The Educated Person Chapter 1
Five essential questions this semester • Who is the educated person? • What is worth knowing? • What is learning? • What is good teaching? • What is the role of school in society?
Who is the Educated Person? • Varies across cultures and times • Schooled versus Educated • Great knowledge meant having great virtue (Plato) • Greater concern for “good breeding” and wisdom in everyday affairs (John Locke) • “Wide awakeness” and open to experience (Maxine Greene)
What is worth knowing? • Questions about curriculum, the subject matter of education • Perhaps not so much what should we include…as what should we leave out? • How are learning and teaching linked? • The role of school in society… transmissive?, transformative?, compensatory?

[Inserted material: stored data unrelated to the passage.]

Lemma len_prefix v j : (0 < j <= len v)%N -> exists2 w, w <= v & len w = j.
Proof.
move=> /andP[j0 /subnK]; move: (len v - j)%N => n.
elim: n v => [|n IH] v lv; first by exists v; rewrite -?lv.
have [|w wv lw] := @len_pred v; first by lia.
have [|w' w'w <-] := IH w; first by lia.
by exists w' => //; exact: le_trans w'w (ltW wv).
Qed.

End Length.

Section Minimals.
Variables (d : Order.disp_t) (T : finPOrderType d).
Local Open Scope order_scope.
Implicit Types (D : {set T}) (x y z : T).

(* Locked so that [inE] does not unfold membership in [minimals D]. *)
Fact minimals_key : unit. Proof. by []. Qed.
Definition minimals D : {set T} :=
  locked_with minimals_key [set y in D | [forall z in D, (z <= y) ==> (z == y)]].

Lemma minimalsP D y :
  reflect (y \in D /\ forall z, z \in D -> ~~ (z < y)) (y \in minimals D).
Proof.
rewrite /minimals locked_withE inE; apply: (iffP andP) => -[yD ymin]; split => //.
  move=> z zD; rewrite lt_neqAle; have := forall_inP ymin z zD.
  by case: (z <= y); rewrite ?andbF ?implyTb // => ->.
apply/forall_inP=> z zD; apply/implyP; rewrite le_eqVlt => /orP[//|zy].
by have := ymin z zD; rewrite zy.
Qed.

Definition minimals_above D x : {set T} := [set m in minimals D | x < m].

Lemma upclosedP D : reflect (forall x y, x \in D -> x <= y -> y \in D) (upclosed D).
Proof.
apply: (iffP forall_inP) => [H x y /H /forallP /(_ y) /implyP //|H x xD].
by apply/forallP=> y; apply/implyP; apply: H.
Qed.

Section AddMinimal.
Variables (D : {set T}) (x : T).
Hypotheses (upD : upclosed D) (xD : x \notin D) (above_x : forall z, x < z -> z \in D).

Lemma upclosed_setU1 : upclosed (x |: D).
Proof.
apply/upclosedP=> a b /setU1P[->|aD] ab; last by rewrite setU1r // (upclosedP _ upD a).
by move: ab; rewrite le_eqVlt => /orP[/eqP<-|/above_x bD]; rewrite ?setU11 ?setU1r.
Qed.

Lemma minimals_setU1 : minimals (x |: D) = x |: (minimals D :\: [set m | x < m]).
Proof.
apply/setP=> y; rewrite !inE; apply/minimalsP/idP.
  case=> /setU1P[->|yD] ymin; first by rewrite eqxx.
  rewrite ymin ?setU11 //=; apply/orP; right; apply/minimalsP.
  by split=> // z zD; apply: ymin; rewrite setU1r.
case/orP=> [/eqP->|/andP[xy /minimalsP[yD ymin]]]; split.
- exact: setU11.
- move=> z /setU1P[->|zD]; first by rewrite ltxx.
  by apply/negP=> /ltW zx; move: xD; rewrite (upclosedP _ upD z x zD zx).
- exact: setU1r.
- by move=> z /setU1P[->//|]; apply: ymin.
Qed.
(* Assume $\delta=d$ and $\gamma\ge1$. Then $$\frac{q(z,w)}{z^\gamma w^d}\longrightarrow1\quad\text{as } (z,w)\in W_R,\ R\to\infty$$ (i.e. as $|z|\to\infty$ and $|w|/|z|^\alpha\to\infty$ when $\alpha>-\infty$, and as $|z|\to\infty$ with $w\ne0$ when $\alpha=-\infty$), and there is $R_0>1$ such that $f(W_R)\subset W_R$ for all $R\ge R_0$.
   Context: Let $p(z)=z^d+O(z^{d-1})$ be a monic polynomial of degree $\delta=d\ge 2$, and let $q(z,w)=b(z)w^d+(\text{terms of lower degree in } w)$ be a polynomial with $\deg_w q=d$, where $b$ is a monic polynomial of degree $\gamma$. Let $f(z,w)=(p(z),q(z,w))$. Define $\alpha=\max\{(n_j-\gamma)/(d-m_j)\}$ over monomials $z^{n_j}w^{m_j}$ appearing in $q$ with nonzero coefficient and $m_j<d$, and $\alpha=-\infty$ if $q(z,w)=b(z)w^d$. Let $W_R=\{(z,w):|z|>R,\ |w|>R|z|^\alpha\}$ if $\alpha>-\infty$, and $W_R=\{(z,w):|z|>R,\ w\ne0\}$ if $\alpha=-\infty$. *)

From Stdlib Require Import Reals List.
Open Scope R_scope.

Definition Cx : Type := (R * R)%type.
Definition Czero : Cx := (0, 0).
Definition Cone : Cx := (1, 0).
Definition Cadd (a b : Cx) : Cx := (fst a + fst b, snd a + snd b).
Definition Copp (a : Cx) : Cx := (- fst a, - snd a).
Definition Cmul (a b : Cx) : Cx :=
  (fst a * fst b - snd a * snd b, fst a * snd b + snd a * fst b).
Definition Cinv (a : Cx) : Cx :=
  (fst a / (fst a ^ 2 + snd a ^ 2), - snd a / (fst a ^ 2 + snd a ^ 2)).
Definition Cdiv (a b : Cx) : Cx := Cmul a (Cinv b).
Definition Cmod (a : Cx) : R := sqrt (fst a ^ 2 + snd a ^ 2).
Fixpoint Cpow (a : Cx) (n : nat) : Cx :=
  match n with O => Cone | S k => Cmul a (Cpow a k) end.

Definition Ceq_dec (a b : Cx) : {a = b} + {a <> b}.
Proof. decide equality; apply Req_EM_T. Defined.

Definition sum_upto (N : nat) (f : nat -> Cx) : Cx :=
  fold_right (fun k acc => Cadd (f k) acc) Czero (seq 0 (S N)).

Definition peval (N : nat) (a : nat -> Cx) (z : Cx) : Cx :=
  sum_upto N (fun n => Cmul (a n) (Cpow z n)).

Definition qeval (N M : nat) (c : nat -> nat -> Cx) (z w : Cx) : Cx :=
  sum_upto N (fun n => sum_upto M (fun m =>
    Cmul (c n m) (Cmul (Cpow z n) (Cpow w m)))).

(* Extended reals max, None = -infinity. *)
Definition omax (x : option R) (y : R) : option R :=
  match x with None => Some y | Some x' => Some (Rmax x' y) end.

(* alpha = max { (n_j - gamma)/(d - m_j) : c n_j m_j <> 0, m_j < d },
   over n_j <= N (all nonzero coefficients have n_j <= N); None = -infinity. *)
Definition alpha_of (N d gamma : nat) (c : nat -> nat -> Cx) : option R :=
  fold_left (fun acc n =>
    fold_left (fun acc' m =>
      if Ceq_dec (c n m) Czero then acc'
      else omax acc' ((INR n - INR gamma) / (INR d - INR m)))
      (seq 0 d) acc)
    (seq 0 (S N)) None.

Definition inW (alpha : option R) (Rr : R) (z w : Cx) : Prop :=
  Cmod z > Rr /\
  match alpha with
  | Some a => Cmod w > Rr * Rpower (Cmod z) a
  | None => w <> Czero
  end.

(* Write q = q_tail + z^gamma w^d and p = p_tail + z^d.  The exponent
   alpha is the least one for which every monomial z^n w^m of q with m < d
   satisfies |z^n w^m| <= |z^gamma w^d| / R on W_R (lemmas [alpha_of_bound],
   [power_gap]); monomials z^n w^d with n < gamma are handled directly
   ([pow_absorbs]).  Summing gives |q_tail| <= Kq |z^gamma w^d| / R
   ([q_tail_bound]), which is the first assertion ([q_asymptotic]).  For the
   second, |p(z)| is comparable to |z|^d ([p_growth]) and |q| to
   |z^gamma w^d| ([q_growth]); since |w| > R |z|^alpha, the bound
   |p(z)|^alpha <= 2^|alpha| |z|^(d alpha) gives |q| > R |p(z)|^alpha
   ([q_beats_p_power]), i.e. f maps W_R into itself ([W_invariant]). *)

From Stdlib Require Import Reals List Lia Lra Psatz.
From Coquelicot Require Complex Rcomplements.
Open Scope R_scope.

(** Complex arithmetic.  [Cx] and its operations coincide definitionally with
    Coquelicot's complex numbers, so the modulus facts are imported from there. *)

Lemma Cx_ext (a b : Cx) : fst a = fst b -> snd a = snd b -> a = b.
Proof. destruct a, b; simpl; intros; subst; reflexivity. Qed.

Lemma Cmul_one_l a : Cmul Cone a = a.
Proof. apply Cx_ext; simpl; ring. Qed.

Lemma Cmod_mul a b : Cmod (Cmul a b) = Cmod a * Cmod b.
Proof. exact (Complex.Cmod_mult a b). Qed.

Lemma Cmod_triangle a b : Cmod (Cadd a b) <= Cmod a + Cmod b.
Proof. exact (Complex.Cmod_triangle a b). Qed.

Lemma Cmod_ge0 a : 0 <= Cmod a.
Proof. exact (Complex.Cmod_ge_0 a). Qed.

Lemma Cmod_opp a : Cmod (Copp a) = Cmod a.
Proof. exact (Complex.Cmod_opp a). Qed.

Lemma Cmod_zero : Cmod Czero = 0.
Proof. exact Complex.Cmod_0. Qed.

Lemma Cmod_pos a : a <> Czero -> 0 < Cmod a.
Proof. exact (proj1 (Complex.Cmod_gt_0 a)). Qed.

Lemma Cmod_pos_neq a : 0 < Cmod a -> a <> Czero.
Proof. intros Ha ->. rewrite Cmod_zero in Ha. lra. Qed.

Lemma Cmod_pow a n : Cmod (Cpow a n) = Cmod a ^ n.
Proof. exact (Complex.Cmod_pow a n). Qed.

Lemma Cmod_div a b : b <> Czero -> Cmod (Cdiv a b) = Cmod a / Cmod b.
Proof.
  intro Hb. unfold Cdiv, Rdiv. rewrite Cmod_mul.
  exact (f_equal (Rmult (Cmod a)) (Complex.Cmod_inv b Hb)).
Qed.

Lemma Cmod_monomial a z w n m :
  Cmod (Cmul a (Cmul (Cpow z n) (Cpow w m))) = Cmod a * (Cmod z ^ n * Cmod w ^ m).
Proof. rewrite !Cmod_mul, !Cmod_pow. reflexivity. Qed.

Module ComplexField.
Import Complex.
Lemma Cdiv_shift (S D : C) : D <> RtoC 0 ->
  Cplus (Cdiv (Cplus S D) D) (Copp (RtoC 1)) = Cdiv S D.
Proof. intro HD. field. exact HD. Qed.
End ComplexField.

Lemma Cdiv_shift S D : D <> Czero -> Cadd (Cdiv (Cadd S D) D) (Copp Cone) = Cdiv S D.
Proof. exact (ComplexField.Cdiv_shift S D). Qed.

Lemma perturbation_bounds S L : Cmod S <= Cmod L / 2 ->
  Cmod L / 2 <= Cmod (Cadd S L) <= 2 * Cmod L.
Proof.
  intro HS. pose proof (Cmod_ge0 S).
  assert (HL : L = Cadd (Cadd S L) (Copp S)) by (apply Cx_ext; simpl; ring).
  pose proof (Cmod_triangle (Cadd S L) (Copp S)) as Hlow.
  rewrite <- HL, Cmod_opp in Hlow.
  pose proof (Cmod_triangle S L). lra.
Qed.

Lemma sum_upto_S N f : sum_upto (S N) f = Cadd (sum_upto N f) (f (S N)).
Proof.
  unfold sum_upto. rewrite seq_S, fold_right_app. cbn [fold_right].
  generalize (seq 0 (S N)) as l. induction l as [|k l IH]; cbn [fold_right].
  - apply Cx_ext; simpl; ring.
  - rewrite IH. apply Cx_ext; simpl; ring.
Qed.

Lemma sum_upto_ext N f g : (forall k, (k <= N)%nat -> f k = g k) ->
  sum_upto N f = sum_upto N g.
Proof.
  induction N as [|N IH]; intro Hfg.
  - unfold sum_upto; simpl. rewrite Hfg by lia. reflexivity.
  - rewrite !sum_upto_S, IH, Hfg by auto. reflexivity.
Qed.

Lemma sum_upto_agree_off N f g j : (j <= N)%nat -> (forall k, k <> j -> f k = g k) ->
  sum_upto N f = Cadd (sum_upto N g) (Cadd (f j) (Copp (g j))).
Proof.
  induction N as [|N IH]; intros Hj Hfg.
  - assert (j = 0%nat) by lia; subst. unfold sum_upto; simpl.
    apply Cx_ext; simpl; ring.
  - rewrite !sum_upto_S. destruct (Nat.eq_dec j (S N)) as [->|Hne].
    + rewrite (sum_upto_ext N f g) by (intros; apply Hfg; lia).
      apply Cx_ext; simpl; ring.
    + rewrite IH, (Hfg (S N)) by (assumption || lia). apply Cx_ext; simpl; ring.
Qed.

Lemma Cmod_sum_upto N f : Cmod (sum_upto N f) <= sum_f_R0 (fun k => Cmod (f k)) N.
Proof.
  induction N as [|N IH].
  - unfold sum_upto; simpl. pose proof (Cmod_triangle (f 0%nat) Czero).
    rewrite Cmod_zero in *. lra.
  - rewrite sum_upto_S. simpl. pose proof (Cmod_triangle (sum_upto N f) (f (S N))). lra.
Qed.

Lemma sum_mult_r f N x : sum_f_R0 f N * x = sum_f_R0 (fun k => f k * x) N.
Proof. rewrite Rmult_comm. apply scal_sum. Qed.

(** The exponent [alpha].  [dominates acc x] says that the running maximum
    [acc] is finite and at least [x]; once established it survives every
    further step of the folds defining [alpha_of]. *)

Definition dominates (acc : option R) (x : R) : Prop :=
  exists a, acc = Some a /\ x <= a.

Guiding Principles on the Nature and Purpose of Education • Education is a moral enterprise. • Education is a political enterprise. • Public schools are linked to the social, cultural, and economic conditions of the societies and communities in which they find themselves. • The ultimate aim of public education is the improvement of life on earth for all its people.
Guiding Principles • American schoolchildren benefit from the increasingly rich cultural and linguistic variety in their classrooms. • Knowledge is socially constructed. • Teaching and learning are reciprocal and interdependent processes. • Teaching and learning are also independent processes.
Guiding Principles • Teaching strategies and materials are less important to good teaching than the teacher himself/herself. • The hidden curriculum is as much, if not more, important to children’s futures as the stated, written curriculum. • Teachers are agents of personal and social change. • Teaching is the noblest of professions.